--- Entries provided Enclosed Below ---

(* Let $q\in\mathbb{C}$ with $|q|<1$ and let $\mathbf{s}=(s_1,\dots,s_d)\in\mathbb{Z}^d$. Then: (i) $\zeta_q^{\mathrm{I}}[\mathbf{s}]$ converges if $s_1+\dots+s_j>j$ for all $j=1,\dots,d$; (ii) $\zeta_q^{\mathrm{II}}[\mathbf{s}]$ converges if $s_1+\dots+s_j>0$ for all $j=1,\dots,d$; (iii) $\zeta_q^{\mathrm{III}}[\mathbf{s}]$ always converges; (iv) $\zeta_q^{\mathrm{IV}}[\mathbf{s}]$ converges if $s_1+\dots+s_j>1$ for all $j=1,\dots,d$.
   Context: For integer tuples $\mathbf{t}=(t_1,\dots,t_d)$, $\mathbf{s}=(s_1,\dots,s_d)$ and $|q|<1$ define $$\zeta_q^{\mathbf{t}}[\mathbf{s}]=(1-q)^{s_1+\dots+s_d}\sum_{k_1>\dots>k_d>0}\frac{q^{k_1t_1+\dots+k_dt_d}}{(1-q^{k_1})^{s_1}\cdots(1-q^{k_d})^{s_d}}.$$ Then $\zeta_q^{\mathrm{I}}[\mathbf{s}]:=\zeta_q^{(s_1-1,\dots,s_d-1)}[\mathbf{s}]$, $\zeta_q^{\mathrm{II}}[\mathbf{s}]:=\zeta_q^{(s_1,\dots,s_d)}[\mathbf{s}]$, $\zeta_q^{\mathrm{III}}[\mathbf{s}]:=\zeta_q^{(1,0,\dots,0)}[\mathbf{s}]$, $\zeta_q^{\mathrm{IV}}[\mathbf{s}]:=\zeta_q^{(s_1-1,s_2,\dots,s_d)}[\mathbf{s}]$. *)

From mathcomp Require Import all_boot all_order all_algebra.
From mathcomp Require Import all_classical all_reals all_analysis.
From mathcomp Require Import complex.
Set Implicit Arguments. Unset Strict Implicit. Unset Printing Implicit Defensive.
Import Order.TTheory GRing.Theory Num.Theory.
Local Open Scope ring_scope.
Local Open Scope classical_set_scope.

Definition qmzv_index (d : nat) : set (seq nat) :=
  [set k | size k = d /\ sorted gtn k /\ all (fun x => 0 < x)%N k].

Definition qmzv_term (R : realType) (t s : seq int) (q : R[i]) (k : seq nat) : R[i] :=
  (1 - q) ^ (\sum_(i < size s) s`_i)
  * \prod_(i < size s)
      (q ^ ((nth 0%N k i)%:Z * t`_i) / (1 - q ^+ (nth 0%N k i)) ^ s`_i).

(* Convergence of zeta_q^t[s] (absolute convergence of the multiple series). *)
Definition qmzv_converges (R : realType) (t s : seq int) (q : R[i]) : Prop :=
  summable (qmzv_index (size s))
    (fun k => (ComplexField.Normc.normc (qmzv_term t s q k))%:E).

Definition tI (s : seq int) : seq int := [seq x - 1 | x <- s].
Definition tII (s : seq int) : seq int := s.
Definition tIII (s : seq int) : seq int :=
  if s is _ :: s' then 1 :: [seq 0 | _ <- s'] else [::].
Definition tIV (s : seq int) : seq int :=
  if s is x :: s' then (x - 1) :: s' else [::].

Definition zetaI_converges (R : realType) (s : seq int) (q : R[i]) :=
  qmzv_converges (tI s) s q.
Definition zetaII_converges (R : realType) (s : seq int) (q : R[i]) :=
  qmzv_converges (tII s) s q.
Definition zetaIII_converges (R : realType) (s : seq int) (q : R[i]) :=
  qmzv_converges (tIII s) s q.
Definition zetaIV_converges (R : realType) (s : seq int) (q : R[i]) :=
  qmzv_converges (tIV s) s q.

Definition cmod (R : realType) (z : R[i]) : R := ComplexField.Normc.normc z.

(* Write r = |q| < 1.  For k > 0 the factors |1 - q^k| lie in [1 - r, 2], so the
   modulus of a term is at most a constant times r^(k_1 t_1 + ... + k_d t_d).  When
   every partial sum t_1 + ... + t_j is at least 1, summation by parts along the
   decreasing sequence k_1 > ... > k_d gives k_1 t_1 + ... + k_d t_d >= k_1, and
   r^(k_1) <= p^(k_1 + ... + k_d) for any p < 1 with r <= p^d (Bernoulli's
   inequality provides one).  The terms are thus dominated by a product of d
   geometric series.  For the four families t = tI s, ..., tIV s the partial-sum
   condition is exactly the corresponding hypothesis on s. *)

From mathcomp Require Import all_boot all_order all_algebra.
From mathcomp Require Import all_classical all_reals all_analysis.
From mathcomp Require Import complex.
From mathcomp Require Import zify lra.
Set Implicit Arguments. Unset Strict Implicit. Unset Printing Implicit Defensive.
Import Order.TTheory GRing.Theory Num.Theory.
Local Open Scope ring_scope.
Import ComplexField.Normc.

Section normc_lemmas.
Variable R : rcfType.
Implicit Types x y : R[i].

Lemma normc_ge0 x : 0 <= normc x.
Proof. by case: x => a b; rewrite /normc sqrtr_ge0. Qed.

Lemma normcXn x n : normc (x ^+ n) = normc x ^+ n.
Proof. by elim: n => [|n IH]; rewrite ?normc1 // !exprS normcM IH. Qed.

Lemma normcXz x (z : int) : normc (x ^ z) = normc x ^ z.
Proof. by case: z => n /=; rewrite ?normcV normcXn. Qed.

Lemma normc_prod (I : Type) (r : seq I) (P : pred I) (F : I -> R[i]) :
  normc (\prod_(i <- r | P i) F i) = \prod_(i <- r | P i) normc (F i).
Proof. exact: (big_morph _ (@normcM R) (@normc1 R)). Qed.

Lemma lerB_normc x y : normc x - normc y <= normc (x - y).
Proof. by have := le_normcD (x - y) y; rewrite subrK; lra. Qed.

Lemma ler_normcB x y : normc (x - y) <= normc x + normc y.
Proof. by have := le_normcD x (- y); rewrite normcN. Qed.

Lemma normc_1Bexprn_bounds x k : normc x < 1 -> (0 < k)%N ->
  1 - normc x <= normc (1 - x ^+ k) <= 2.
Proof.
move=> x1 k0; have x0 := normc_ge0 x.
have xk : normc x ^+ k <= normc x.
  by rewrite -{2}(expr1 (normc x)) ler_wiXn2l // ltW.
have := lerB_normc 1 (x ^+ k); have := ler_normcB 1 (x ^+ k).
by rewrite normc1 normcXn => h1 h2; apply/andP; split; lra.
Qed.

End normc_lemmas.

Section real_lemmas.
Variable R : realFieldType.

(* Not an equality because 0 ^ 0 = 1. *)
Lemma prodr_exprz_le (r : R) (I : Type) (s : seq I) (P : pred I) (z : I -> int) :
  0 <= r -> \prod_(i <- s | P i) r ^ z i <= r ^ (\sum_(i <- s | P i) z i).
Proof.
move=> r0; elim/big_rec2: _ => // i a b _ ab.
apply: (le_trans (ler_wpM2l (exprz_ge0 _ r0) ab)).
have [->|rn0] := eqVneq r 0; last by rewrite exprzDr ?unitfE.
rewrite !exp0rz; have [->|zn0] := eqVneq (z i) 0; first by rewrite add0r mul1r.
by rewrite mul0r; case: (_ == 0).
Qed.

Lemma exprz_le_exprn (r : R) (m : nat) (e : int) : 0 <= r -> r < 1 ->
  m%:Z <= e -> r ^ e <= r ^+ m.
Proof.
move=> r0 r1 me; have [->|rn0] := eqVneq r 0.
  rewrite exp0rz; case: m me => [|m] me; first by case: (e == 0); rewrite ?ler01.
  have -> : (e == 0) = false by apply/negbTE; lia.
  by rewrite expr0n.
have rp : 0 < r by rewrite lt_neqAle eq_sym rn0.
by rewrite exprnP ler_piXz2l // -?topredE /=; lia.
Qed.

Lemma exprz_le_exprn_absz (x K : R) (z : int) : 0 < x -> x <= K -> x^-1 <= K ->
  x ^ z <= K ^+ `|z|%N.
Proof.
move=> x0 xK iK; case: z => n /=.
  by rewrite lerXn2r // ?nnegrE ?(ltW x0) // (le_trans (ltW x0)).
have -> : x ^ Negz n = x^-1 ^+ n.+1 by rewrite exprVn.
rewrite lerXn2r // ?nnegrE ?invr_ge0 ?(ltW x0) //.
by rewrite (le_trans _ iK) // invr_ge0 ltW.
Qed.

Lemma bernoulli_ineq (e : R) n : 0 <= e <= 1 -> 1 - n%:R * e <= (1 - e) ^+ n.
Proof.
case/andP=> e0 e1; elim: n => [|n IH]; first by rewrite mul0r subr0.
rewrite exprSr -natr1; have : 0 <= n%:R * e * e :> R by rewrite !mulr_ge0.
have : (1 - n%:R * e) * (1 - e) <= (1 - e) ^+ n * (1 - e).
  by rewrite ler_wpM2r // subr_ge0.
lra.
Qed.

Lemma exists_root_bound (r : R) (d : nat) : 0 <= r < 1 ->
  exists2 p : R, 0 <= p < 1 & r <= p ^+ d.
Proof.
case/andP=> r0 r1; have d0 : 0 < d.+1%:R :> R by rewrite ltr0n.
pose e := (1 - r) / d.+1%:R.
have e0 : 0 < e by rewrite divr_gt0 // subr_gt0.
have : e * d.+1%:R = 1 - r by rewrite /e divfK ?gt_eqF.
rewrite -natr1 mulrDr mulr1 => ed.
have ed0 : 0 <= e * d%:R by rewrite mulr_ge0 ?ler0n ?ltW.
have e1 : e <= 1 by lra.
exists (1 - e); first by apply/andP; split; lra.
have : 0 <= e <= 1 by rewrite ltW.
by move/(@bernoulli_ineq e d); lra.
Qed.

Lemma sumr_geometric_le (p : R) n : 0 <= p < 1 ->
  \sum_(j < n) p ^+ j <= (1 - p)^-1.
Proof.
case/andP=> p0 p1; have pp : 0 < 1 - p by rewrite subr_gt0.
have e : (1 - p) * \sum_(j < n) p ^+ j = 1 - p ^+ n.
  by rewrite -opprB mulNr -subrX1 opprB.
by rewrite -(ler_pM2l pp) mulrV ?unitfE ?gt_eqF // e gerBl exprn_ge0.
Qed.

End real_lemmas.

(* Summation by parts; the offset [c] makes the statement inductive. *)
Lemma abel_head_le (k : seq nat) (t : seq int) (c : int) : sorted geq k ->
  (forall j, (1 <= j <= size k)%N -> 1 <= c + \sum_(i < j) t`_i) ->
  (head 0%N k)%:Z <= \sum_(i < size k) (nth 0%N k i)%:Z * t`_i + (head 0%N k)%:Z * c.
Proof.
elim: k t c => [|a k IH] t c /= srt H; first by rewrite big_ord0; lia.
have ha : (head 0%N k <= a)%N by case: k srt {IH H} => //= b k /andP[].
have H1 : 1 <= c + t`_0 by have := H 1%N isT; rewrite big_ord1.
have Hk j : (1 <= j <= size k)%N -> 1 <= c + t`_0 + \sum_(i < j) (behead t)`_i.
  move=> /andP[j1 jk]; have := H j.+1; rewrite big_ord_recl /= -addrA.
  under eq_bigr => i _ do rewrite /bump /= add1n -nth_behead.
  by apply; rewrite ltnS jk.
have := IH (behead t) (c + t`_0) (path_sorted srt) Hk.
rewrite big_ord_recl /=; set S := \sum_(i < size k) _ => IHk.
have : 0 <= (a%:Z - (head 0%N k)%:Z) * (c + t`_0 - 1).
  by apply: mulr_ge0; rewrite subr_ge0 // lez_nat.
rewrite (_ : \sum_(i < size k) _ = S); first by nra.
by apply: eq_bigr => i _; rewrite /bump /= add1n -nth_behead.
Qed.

--- End of Enclosed Entries provided ---
--- Entries provided Enclosed Below ---

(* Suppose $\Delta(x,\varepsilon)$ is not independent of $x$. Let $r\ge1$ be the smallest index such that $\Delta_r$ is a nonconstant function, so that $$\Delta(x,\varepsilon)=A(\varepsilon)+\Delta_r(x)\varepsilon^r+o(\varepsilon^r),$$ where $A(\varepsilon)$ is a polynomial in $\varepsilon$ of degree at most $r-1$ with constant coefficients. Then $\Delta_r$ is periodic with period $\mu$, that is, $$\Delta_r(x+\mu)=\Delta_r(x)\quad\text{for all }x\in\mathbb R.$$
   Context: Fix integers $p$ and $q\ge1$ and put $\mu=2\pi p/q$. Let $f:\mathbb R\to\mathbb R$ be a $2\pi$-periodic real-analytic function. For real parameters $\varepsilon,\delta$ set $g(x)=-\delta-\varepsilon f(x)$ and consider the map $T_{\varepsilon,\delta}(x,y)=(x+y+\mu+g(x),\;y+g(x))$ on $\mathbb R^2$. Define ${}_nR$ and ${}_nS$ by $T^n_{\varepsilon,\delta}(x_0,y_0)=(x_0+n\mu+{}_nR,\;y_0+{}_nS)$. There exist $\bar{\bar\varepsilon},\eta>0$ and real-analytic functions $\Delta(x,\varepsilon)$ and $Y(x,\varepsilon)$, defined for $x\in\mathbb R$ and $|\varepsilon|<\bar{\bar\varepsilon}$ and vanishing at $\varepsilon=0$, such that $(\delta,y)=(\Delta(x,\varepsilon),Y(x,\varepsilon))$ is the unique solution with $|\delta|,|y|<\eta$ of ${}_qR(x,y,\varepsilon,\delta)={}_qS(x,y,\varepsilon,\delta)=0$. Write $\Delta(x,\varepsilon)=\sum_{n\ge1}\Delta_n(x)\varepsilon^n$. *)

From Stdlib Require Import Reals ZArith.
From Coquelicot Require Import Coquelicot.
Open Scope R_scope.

--- End of Enclosed Entries provided ---
--- Entries provided Enclosed Below ---

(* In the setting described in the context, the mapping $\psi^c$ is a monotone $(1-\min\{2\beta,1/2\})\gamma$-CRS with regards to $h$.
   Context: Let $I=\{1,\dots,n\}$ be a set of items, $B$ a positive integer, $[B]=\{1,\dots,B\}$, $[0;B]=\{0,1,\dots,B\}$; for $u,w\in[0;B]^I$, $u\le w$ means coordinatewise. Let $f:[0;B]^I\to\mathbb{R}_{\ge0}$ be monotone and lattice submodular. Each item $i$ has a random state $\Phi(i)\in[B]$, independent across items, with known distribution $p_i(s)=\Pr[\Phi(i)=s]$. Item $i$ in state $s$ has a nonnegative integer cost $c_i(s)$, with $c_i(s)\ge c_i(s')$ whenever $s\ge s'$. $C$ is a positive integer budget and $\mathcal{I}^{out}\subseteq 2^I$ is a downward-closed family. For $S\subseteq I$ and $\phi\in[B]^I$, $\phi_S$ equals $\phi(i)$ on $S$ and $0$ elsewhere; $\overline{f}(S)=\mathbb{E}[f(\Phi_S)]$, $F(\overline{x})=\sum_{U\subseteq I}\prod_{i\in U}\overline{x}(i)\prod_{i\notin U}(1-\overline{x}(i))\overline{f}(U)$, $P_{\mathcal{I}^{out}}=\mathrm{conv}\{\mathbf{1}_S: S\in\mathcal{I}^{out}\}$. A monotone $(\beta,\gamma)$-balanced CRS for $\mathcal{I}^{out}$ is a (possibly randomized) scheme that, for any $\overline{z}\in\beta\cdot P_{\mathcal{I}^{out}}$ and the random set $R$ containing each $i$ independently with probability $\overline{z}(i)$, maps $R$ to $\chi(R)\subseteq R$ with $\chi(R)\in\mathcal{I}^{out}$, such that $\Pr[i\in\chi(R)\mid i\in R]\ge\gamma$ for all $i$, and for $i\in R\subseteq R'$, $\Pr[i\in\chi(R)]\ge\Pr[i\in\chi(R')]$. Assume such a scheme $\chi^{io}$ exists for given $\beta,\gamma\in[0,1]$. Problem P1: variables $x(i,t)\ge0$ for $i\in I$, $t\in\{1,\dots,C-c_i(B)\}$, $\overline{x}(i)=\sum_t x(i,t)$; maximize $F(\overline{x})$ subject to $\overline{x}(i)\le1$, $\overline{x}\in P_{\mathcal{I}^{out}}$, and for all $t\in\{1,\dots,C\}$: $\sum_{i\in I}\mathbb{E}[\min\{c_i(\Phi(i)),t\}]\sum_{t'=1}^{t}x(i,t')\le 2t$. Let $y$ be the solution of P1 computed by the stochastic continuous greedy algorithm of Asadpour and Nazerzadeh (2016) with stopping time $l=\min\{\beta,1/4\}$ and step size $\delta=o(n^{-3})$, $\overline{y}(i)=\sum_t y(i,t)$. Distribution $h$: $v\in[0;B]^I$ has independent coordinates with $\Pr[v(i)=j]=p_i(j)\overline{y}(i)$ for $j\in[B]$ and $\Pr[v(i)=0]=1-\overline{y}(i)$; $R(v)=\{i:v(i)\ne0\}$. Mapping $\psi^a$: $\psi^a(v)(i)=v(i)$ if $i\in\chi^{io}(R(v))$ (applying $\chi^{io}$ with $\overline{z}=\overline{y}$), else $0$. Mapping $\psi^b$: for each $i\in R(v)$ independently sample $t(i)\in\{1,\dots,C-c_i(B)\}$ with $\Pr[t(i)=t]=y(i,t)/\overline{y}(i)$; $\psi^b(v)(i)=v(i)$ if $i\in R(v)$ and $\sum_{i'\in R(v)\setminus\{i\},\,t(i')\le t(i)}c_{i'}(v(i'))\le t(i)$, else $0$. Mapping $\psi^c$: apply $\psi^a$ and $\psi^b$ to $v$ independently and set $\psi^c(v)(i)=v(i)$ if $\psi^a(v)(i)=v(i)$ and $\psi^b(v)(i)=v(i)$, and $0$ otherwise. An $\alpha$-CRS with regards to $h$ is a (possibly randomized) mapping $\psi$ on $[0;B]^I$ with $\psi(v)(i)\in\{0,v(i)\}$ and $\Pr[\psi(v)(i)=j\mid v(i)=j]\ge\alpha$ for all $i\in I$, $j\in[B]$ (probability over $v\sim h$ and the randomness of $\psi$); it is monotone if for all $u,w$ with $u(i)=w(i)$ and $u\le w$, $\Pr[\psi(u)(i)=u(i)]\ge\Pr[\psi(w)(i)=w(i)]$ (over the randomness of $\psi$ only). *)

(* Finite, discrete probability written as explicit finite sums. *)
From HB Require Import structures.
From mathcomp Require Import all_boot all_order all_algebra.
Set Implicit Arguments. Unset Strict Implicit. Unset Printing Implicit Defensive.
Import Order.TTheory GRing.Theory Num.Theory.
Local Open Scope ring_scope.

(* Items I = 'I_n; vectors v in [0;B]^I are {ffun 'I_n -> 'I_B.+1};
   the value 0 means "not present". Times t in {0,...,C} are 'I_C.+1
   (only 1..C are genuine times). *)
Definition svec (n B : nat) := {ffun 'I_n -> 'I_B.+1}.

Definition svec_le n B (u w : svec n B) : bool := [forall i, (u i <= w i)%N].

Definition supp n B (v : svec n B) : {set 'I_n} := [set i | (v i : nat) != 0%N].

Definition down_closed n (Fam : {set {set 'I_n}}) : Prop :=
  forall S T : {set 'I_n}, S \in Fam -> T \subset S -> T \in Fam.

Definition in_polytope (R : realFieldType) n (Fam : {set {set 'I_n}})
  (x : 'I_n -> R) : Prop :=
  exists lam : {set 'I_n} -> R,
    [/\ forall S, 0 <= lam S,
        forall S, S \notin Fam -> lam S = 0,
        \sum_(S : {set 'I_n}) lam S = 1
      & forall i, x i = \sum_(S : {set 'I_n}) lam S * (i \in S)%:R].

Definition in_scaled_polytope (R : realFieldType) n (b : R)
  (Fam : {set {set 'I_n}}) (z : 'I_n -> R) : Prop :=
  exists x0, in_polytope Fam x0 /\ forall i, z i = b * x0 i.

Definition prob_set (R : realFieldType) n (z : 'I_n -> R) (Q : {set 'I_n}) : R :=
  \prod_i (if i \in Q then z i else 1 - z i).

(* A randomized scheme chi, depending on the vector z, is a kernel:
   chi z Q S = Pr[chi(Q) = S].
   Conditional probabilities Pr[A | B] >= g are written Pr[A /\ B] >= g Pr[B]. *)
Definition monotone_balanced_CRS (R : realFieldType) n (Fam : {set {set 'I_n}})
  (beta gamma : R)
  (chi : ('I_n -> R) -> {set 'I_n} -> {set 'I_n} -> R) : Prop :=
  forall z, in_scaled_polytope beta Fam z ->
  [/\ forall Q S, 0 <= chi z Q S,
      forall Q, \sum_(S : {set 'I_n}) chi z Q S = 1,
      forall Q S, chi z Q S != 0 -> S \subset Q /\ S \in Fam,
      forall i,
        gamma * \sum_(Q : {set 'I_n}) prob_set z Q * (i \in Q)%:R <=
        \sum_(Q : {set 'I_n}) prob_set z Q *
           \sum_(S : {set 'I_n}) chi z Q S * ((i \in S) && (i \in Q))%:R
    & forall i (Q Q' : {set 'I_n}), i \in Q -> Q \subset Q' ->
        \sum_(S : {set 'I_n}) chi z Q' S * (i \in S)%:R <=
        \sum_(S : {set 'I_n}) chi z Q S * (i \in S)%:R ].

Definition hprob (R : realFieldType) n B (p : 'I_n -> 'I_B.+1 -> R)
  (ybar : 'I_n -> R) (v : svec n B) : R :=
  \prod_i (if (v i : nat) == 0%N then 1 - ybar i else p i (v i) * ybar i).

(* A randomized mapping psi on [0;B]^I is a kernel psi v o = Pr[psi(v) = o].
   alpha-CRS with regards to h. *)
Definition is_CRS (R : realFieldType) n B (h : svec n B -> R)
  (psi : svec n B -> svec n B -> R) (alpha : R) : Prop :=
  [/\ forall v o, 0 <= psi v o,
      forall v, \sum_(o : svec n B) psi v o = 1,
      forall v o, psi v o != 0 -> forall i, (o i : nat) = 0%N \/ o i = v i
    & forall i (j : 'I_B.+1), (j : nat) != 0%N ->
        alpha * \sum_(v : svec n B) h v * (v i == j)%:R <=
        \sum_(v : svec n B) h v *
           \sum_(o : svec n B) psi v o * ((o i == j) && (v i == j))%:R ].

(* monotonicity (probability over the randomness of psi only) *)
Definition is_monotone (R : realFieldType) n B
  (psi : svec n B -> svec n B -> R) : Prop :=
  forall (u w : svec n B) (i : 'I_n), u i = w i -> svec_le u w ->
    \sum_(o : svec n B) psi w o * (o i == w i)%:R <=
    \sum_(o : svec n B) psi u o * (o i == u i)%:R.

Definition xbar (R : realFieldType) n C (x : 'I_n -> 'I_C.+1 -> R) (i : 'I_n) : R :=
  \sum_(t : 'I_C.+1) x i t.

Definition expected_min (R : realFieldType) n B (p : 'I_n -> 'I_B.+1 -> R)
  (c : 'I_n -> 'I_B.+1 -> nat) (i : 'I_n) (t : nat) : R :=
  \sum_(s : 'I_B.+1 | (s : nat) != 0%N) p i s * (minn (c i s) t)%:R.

--- End of Enclosed Entries provided ---

Everything starting at the line containing "m%:Z <= e -> r ^ e <= r ^+ m." and ending at the line containing "case/andP=> e0 e1;" in the records above should be repeated exactly, and only that.

  m%:Z <= e -> r ^ e <= r ^+ m.
Proof.
move=> r0 r1 me; have [->|rn0] := eqVneq r 0.
  rewrite exp0rz; case: m me => [|m] me; first by case: (e == 0); rewrite ?ler01.
  have -> : (e == 0) = false by apply/negbTE; lia.
  by rewrite expr0n.
have rp : 0 < r by rewrite lt_neqAle eq_sym rn0.
by rewrite exprnP ler_piXz2l // -?topredE /=; lia.
Qed.

Lemma exprz_le_exprn_absz (x K : R) (z : int) : 0 < x -> x <= K -> x^-1 <= K ->
  x ^ z <= K ^+ `|z|%N.
Proof.
move=> x0 xK iK; case: z => n /=.
  by rewrite lerXn2r // ?nnegrE ?(ltW x0) // (le_trans (ltW x0)).
have -> : x ^ Negz n = x^-1 ^+ n.+1 by rewrite exprVn.
rewrite lerXn2r // ?nnegrE ?invr_ge0 ?(ltW x0) //.
by rewrite (le_trans _ iK) // invr_ge0 ltW.
Qed.

Lemma bernoulli_ineq (e : R) n : 0 <= e <= 1 -> 1 - n%:R * e <= (1 - e) ^+ n.
Proof.
case/andP=> e0 e1; elim: n => [|n IH]; first by rewrite mul0r subr0.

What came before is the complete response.